Переезжали ручьи, горячие источники, над которыми клубился пар и сливался с подвижным утренним туманом. Андронников ожесточенно теребил густую с проседью бороду и ругал торопившегося Зарудного. Особенно ярился он, когда на лицо падали холодные капли с потревоженного кустарника и стекали за воротник.

— Черт меня дернул отправиться в такую рань! — ворчал землемер. Нас, батенька мой, наружным теперь не отогреешь. Мне змия огненного подавай, не то и вовсе отсырею…

Но вот первые лучи солнца пронизали туман и вспыхнули на сочной листве.

— Наконец-то! Соизволили пробудиться, ваша светлость! — пробасил Андронников, приветствуя рукою солнце. — А я-то уж думаю: чего нынче вы нам своей довольной рожи не кажете?! Неужто и небесные светила от нас отвернулись? Как насчет горячительного, Анатолий Иванович? — крикнул он в сгорбленную спину Зарудного, на которой лежал штуцер.

— Обойдетесь мухомором, Иван Архипович! Вы, кажется, большой знаток по этой части? — ответил Зарудный, не оборачиваясь.

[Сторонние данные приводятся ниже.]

Lemma big_ord_trunc (G : nat -> K) (m N : nat) : (m <= N)%N ->
  (forall j, (m <= j)%N -> G j = 0) -> \sum_(j < N) G j = \sum_(j < m) G j.
Proof.
move=> HmN HG; rewrite (big_ord_widen _ _ HmN) [RHS]big_mkcond /=.
by apply: eq_bigr => i _; case: ifP => // /negbT; rewrite -leqNgt => /HG ->.
Qed.

Lemma coef_lmul s t n (N : nat) : (ldeg s)%:Z + (ldeg t)%:Z - n < N%:Z ->
  coef (lmul s t) n =
    \sum_(k < N) coef s ((ldeg s)%:Z - k%:Z) * coef t (n - (ldeg s)%:Z + k%:Z).
Proof.
move=> HN; rewrite {1}/coef /=; case: ifP => Hn; last first.
  by rewrite big1 // => k _; rewrite (@coef_gt_ldeg t) ?mulr0 //; lia.
set i := absz _.
pose G k := coef s ((ldeg s)%:Z - k%:Z) * coef t (n - (ldeg s)%:Z + k%:Z).
rewrite (@big_ord_trunc G i.+1) => [|| j Hj]; last 2 first.
- lia.
- by rewrite /G (@coef_gt_ldeg t) ?mulr0 //; lia.
apply: eq_bigr => k _; have := ltn_ord k => Hk; rewrite /G.
by rewrite (@coef_ldeg_sub s _ k) // (@coef_ldeg_sub t _ (i - k)) //; lia.
Qed.

(* The first L coefficients of a product only involve the first L coefficients
   of the factors, so commutativity and associativity of lmul are inherited
   from polynomials. *)
Definition ptrunc (L : nat) s : {poly K} := \poly_(k < L) lc s k.

Lemma lc_lmul_ptrunc (L : nat) s t k : (k < L)%N ->
  lc (lmul s t) k = (ptrunc L s * ptrunc L t)`_k.
Proof.
move=> Hk; rewrite coefM; apply: eq_bigr => j _; have := ltn_ord j => Hj.
by rewrite !coef_poly !ifT //; lia.
Qed.

Lemma lmulC s t : lmul s t ≡ lmul t s.
Proof.
apply: lseq_lc => [|i]; first by rewrite /= addnC.
by rewrite !(@lc_lmul_ptrunc i.+1) // mulrC.
Qed.

Lemma lmulA s t u : lmul (lmul s t) u ≡ lmul s (lmul t u).
Proof.
apply: lseq_lc => [|i]; first by rewrite /= addnA.
have ptruncM v w k : (k < i.+1)%N ->
    (ptrunc i.+1 (lmul v w))`_k = (ptrunc i.+1 v * ptrunc i.+1 w)`_k.
  by move=> Hk; rewrite coef_poly Hk (@lc_lmul_ptrunc i.+1).
rewrite !(@lc_lmul_ptrunc i.+1) //.
transitivity ((ptrunc i.+1 s * ptrunc i.+1 t * ptrunc i.+1 u)`_i).
  by rewrite !coefM; apply: eq_bigr => j _; rewrite ptruncM.
rewrite -mulrA !coefM; apply: eq_bigr => j _; have := ltn_ord j => Hj.
by rewrite ptruncM //; lia.
Qed.

Lemma lmulr_lseq s t t' : t ≡ t' -> lmul s t ≡ lmul s t'.
Proof.
move=> H n; pose N := (absz ((ldeg s + ldeg t + ldeg t')%:Z - n)).+1.
by rewrite !(@coef_lmul _ _ n N); [apply: eq_bigr => k _; rewrite H | lia | lia].
Qed.

#[global] Instance lmul_Proper : Proper (@lseq K ==> @lseq K ==> @lseq K) (@lmul K).
Proof.
move=> s s' Hs t t' Ht; rewrite (lmulr_lseq s Ht) lmulC (lmulr_lseq t' Hs).
exact: lmulC.
Qed.

Lemma isDer_0 d : isDer d -> d 0 = 0.
Proof. by case=> Hadd _; apply: (@addrI _ (d 0)); rewrite -Hadd !addr0. Qed.

Lemma isDer_1 d : isDer d -> d 1 = 0.
Proof.
case=> _ Hmul; apply: (@addrI _ (d 1)).
by have := Hmul 1 1; rewrite !mulr1 mul1r addr0 => <-.
Qed.

Lemma isDer_N d (x : K) : isDer d -> d (- x) = - d x.
Proof. by move=> Hd; apply: (@addrI _ (d x)); rewrite -Hd.1 !subrr isDer_0. Qed.

(* Not an instance, as it needs d 0 = 0: proofs put it in the context, where
   typeclass search finds it, to rewrite under lmap d. *)
Lemma lmap_Proper d : d 0 = 0 -> Proper (@lseq K ==> @lseq K) (lmap d).
Proof. by move=> d0 s t H n; rewrite !coef_lmap // H. Qed.

Lemma lmapD d s t : isDer d -> lmap d (ladd s t) ≡ ladd (lmap d s) (lmap d t).
Proof. by move=> Hd n; rewrite coef_ladd !coef_lmap ?isDer_0 // coef_ladd Hd.1. Qed.

Lemma lmapB d s t : isDer d -> lmap d (lsub s t) ≡ lsub (lmap d s) (lmap d t).
Proof. by move=> Hd n; rewrite coef_lsub !coef_lmap ?isDer_0 // coef_lsub Hd.1 isDer_N. Qed.

Lemma lmapM d s t : isDer d ->
  lmap d (lmul s t) ≡ ladd (lmul (lmap d s) t) (lmul s (lmap d t)).
Proof.
move=> Hd n; rewrite coef_ladd coef_lmap ?isDer_0 // /coef /=.
case: ifP => _; last by rewrite isDer_0 ?addr0.
rewrite (big_morph d Hd.1 (isDer_0 Hd)) -big_split /=.
by apply: eq_bigr => k _; rewrite Hd.2.
Qed.

Lemma lmap_comm d1 d2 s : (forall x, d1 (d2 x) = d2 (d1 x)) ->
  lmap d1 (lmap d2 s) ≡ lmap d2 (lmap d1 s).
Proof. by move=> H; apply: lseq_lc => // i; apply: H. Qed.

Lemma coef_lmul_inA a s n (N : nat) : inA a -> (ldeg s)%:Z - n < N%:Z ->
  coef (lmul a s) n = coef s (n - 1) + \sum_(j < N) coef a (- j%:Z) * coef s (n + j%:Z).
Proof.
case=> Ha1 Ha HN.
have Hda : (0 < ldeg a)%N.
  case: (posnP (ldeg a)) => // H0; move: Ha1; rewrite coef_gt_ldeg ?H0 //.
  by move=> /esym/eqP; rewrite oner_eq0.
rewrite (@coef_lmul a s n (ldeg a + N)); last lia.
rewrite big_split_ord /=; congr (_ + _); last first.
  by apply: eq_bigr => j _; congr (coef a _ * coef s _); lia.
rewrite -[ldeg a]prednK // big_ord_recr /= big1 ?add0r => [|i _]; last first.
  by rewrite Ha ?mul0r //; have := ltn_ord i; lia.
by rewrite prednK // (_ : _ - _ = 1) ?Ha1 ?mul1r; [congr (coef s _) |]; lia.
Qed.

(* Multiplication by a monic series is injective: comparing coefficients from
   the top, the coefficient of z^n in a * s determines that of z^(n-1) in s. *)
Lemma inA_lmulI_ge a s t (m : int) : inA a ->
  (forall n, m < n -> coef (lmul a s) n = coef (lmul a t) n) ->
  forall n, m <= n -> coef s n = coef t n.
Proof.
move=> Ha H.
suff Hk (k : nat) n : m <= n -> (maxn (ldeg s) (ldeg t))%:Z - n < k%:Z ->
    coef s n = coef t n.
  by move=> n Hn; apply: (Hk (absz ((maxn (ldeg s) (ldeg t))%:Z - n)).+1); lia.
elim: k n => [|k IH] n Hmn Hk; first by rewrite !coef_gt_ldeg //; lia.
have /H : m < n + 1 by lia.
rewrite !(@coef_lmul_inA a _ _ k.+1 Ha) ?addrK; [|lia..].
have -> : \sum_(j < k.+1) coef a (- j%:Z) * coef s (n + 1 + j%:Z) =
          \sum_(j < k.+1) coef a (- j%:Z) * coef t (n + 1 + j%:Z).
  by apply: eq_bigr => j _; rewrite IH //; lia.
by move/addIr.
Qed.

Lemma inA_lmulI a s t : inA a -> lmul a s ≡ lmul a t -> s ≡ t.
Proof. by move=> Ha H n; apply: (inA_lmulI_ge Ha (fun p _ => H p)). Qed.

Lemma coef_lmap_inA_gt0 d a n : isDer d -> inA a -> 0 < n -> coef (lmap d a) n = 0.
Proof.
move=> Hd [Ha1 Ha] Hn; rewrite coef_lmap ?isDer_0 //.
case: (ltrP 1 n) => H1; first by rewrite Ha ?isDer_0.
by rewrite (_ : n = 1) ?Ha1 ?isDer_1 //; lia.
Qed.

Section Quotient.
Variables a b : LS K.

(* Long division by the monic series a: the coefficient of z^(-p-1) in the
   quotient is determined by the coefficients of z^0, ..., z^(-p) of b and the
   previously computed ones. *)
Definition qstep (l : seq K) (m : nat) : K :=
  if m is p.+1 then coef b (- p%:Z) - \sum_(j < p) coef a (- j%:Z) * nth 0 l (p - j)
  else 0.

Fixpoint qlist (m : nat) : seq K :=
  if m is m'.+1 then rcons (qlist m') (qstep (qlist m') m') else [::].

Definition qcoef (m : nat) : K := nth 0 (qlist m.+1) m.

Lemma size_qlist m : size (qlist m) = m.
Proof. by elim: m => //= m IH; rewrite size_rcons IH. Qed.

Lemma nth_qlist m i : (i < m)%N -> nth 0 (qlist m) i = qcoef i.
Proof.
elim: m => // m IH Hi; case: (ltngtP i m) => [Him | | ->] //; last lia.
by rewrite /= nth_rcons size_qlist Him IH.
Qed.

Lemma qcoefS p :
  qcoef p.+1 = coef b (- p%:Z) - \sum_(j < p) coef a (- j%:Z) * qcoef (p - j).
Proof.
rewrite {1}/qcoef [qlist p.+2]/qlist -/(qlist p.+1) nth_rcons size_qlist ltnn eqxx.
by congr (_ - _); apply: eq_bigr => j _; rewrite nth_qlist //; lia.
Qed.

Definition lquot : LS K := mkLS 0 qcoef.

Lemma coef_lquot_ge0 n : 0 <= n -> coef lquot n = 0.
Proof.
move=> Hn; case: (ltrP 0 n) => H; first by rewrite coef_gt_ldeg.
by rewrite (@coef_ldeg_sub _ _ 0) //=; lia.
Qed.

Lemma lmul_lquot : inA a -> (forall n, 0 < n -> coef b n = 0) -> lmul a lquot ≡ b.
Proof.
move=> Ha Hb n; rewrite (@coef_lmul_inA a lquot n (absz n).+1) //; last by rewrite /=; lia.
case: (ltrP 0 n) => Hn.
  rewrite Hb // coef_lquot_ge0 ?big1 ?addr0 //; last lia.
  by move=> j _; rewrite coef_lquot_ge0 ?mulr0 //; lia.
set m := absz n.
rewrite (@coef_ldeg_sub lquot _ m.+1) /=; last by rewrite /m; lia.
rewrite (@big_ord_trunc (fun j : nat => coef a (- j%:Z) * coef lquot (n + j%:Z)) m) //;
  last by move=> j Hj; rewrite coef_lquot_ge0 ?mulr0 //; rewrite /m in Hj; lia.
rewrite qcoefS [X in _ + X](eq_bigr (fun j : 'I_m => coef a (- j%:Z) * qcoef (m - j))).
  by rewrite subrK; congr (coef b _); rewrite /m; lia.
move=> j _; rewrite (@coef_ldeg_sub lquot _ (m - j)) //=.
by have := ltn_ord j; rewrite /m; lia.
Qed.

End Quotient.

Lemma lmul_ldiv a b : inA a -> (forall n, 0 < n -> coef b n = 0) ->
  lmul a (ldiv b a) ≡ b.
Proof.
move=> Ha Hb; apply: (epsilon_spec (inhabits (lzero K)) (fun q : LS K => lmul a q ≡ b)).
by exists (lquot a b); apply: lmul_lquot.
Qed.

Lemma coef_ldiv_ge0 a b n : inA a -> (forall n, 0 < n -> coef b n = 0) ->
  0 <= n -> coef (ldiv b a) n = 0.
Proof.
move=> Ha Hb Hn; rewrite (@inA_lmulI_ge a _ (lzero K) 0 Ha) ?coef_lzero // => p Hp.
rewrite lmul_ldiv // Hb // (@coef_lmul_inA a (lzero K) p 0) //; last by rewrite /=; lia.
by rewrite big_ord0 coef_lzero addr0.
Qed.

End SeriesAlgebra.

Section Flows.
Variables (K : comNzRingType) (dx : K -> K).
Hypothesis Hdx : isDer dx.
Implicit Types (a h H T : LS K) (d : K -> K).

Lemma coef_ldiv_lmap_ge0 a n : inA a -> 0 <= n -> coef (ldiv (lmap dx a) a) n = 0.
Proof. by move=> Ha; apply: coef_ldiv_ge0 => // m; apply: coef_lmap_inA_gt0. Qed.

— Мухомором? — Андронников выпрямился в седле. — Нет, пардон, батенька! Мне целовальника-плута подавай, не то таких чудес натворю, что не сдобровать ни вам, ни вашему скареду губернатору. — Он грозно надул щеки, сгреб в кулак бороду и сказал, скрывая шутку за грозностью тона: Англичанин вас пушкой возьмет, а я лес зажгу — все лето полыхать будет…

В землемере еще играл вчерашний хмель. Он долго чертыхался, морща крохотный нос. Но Зарудный, отдавшись своим мыслям, не отвечал.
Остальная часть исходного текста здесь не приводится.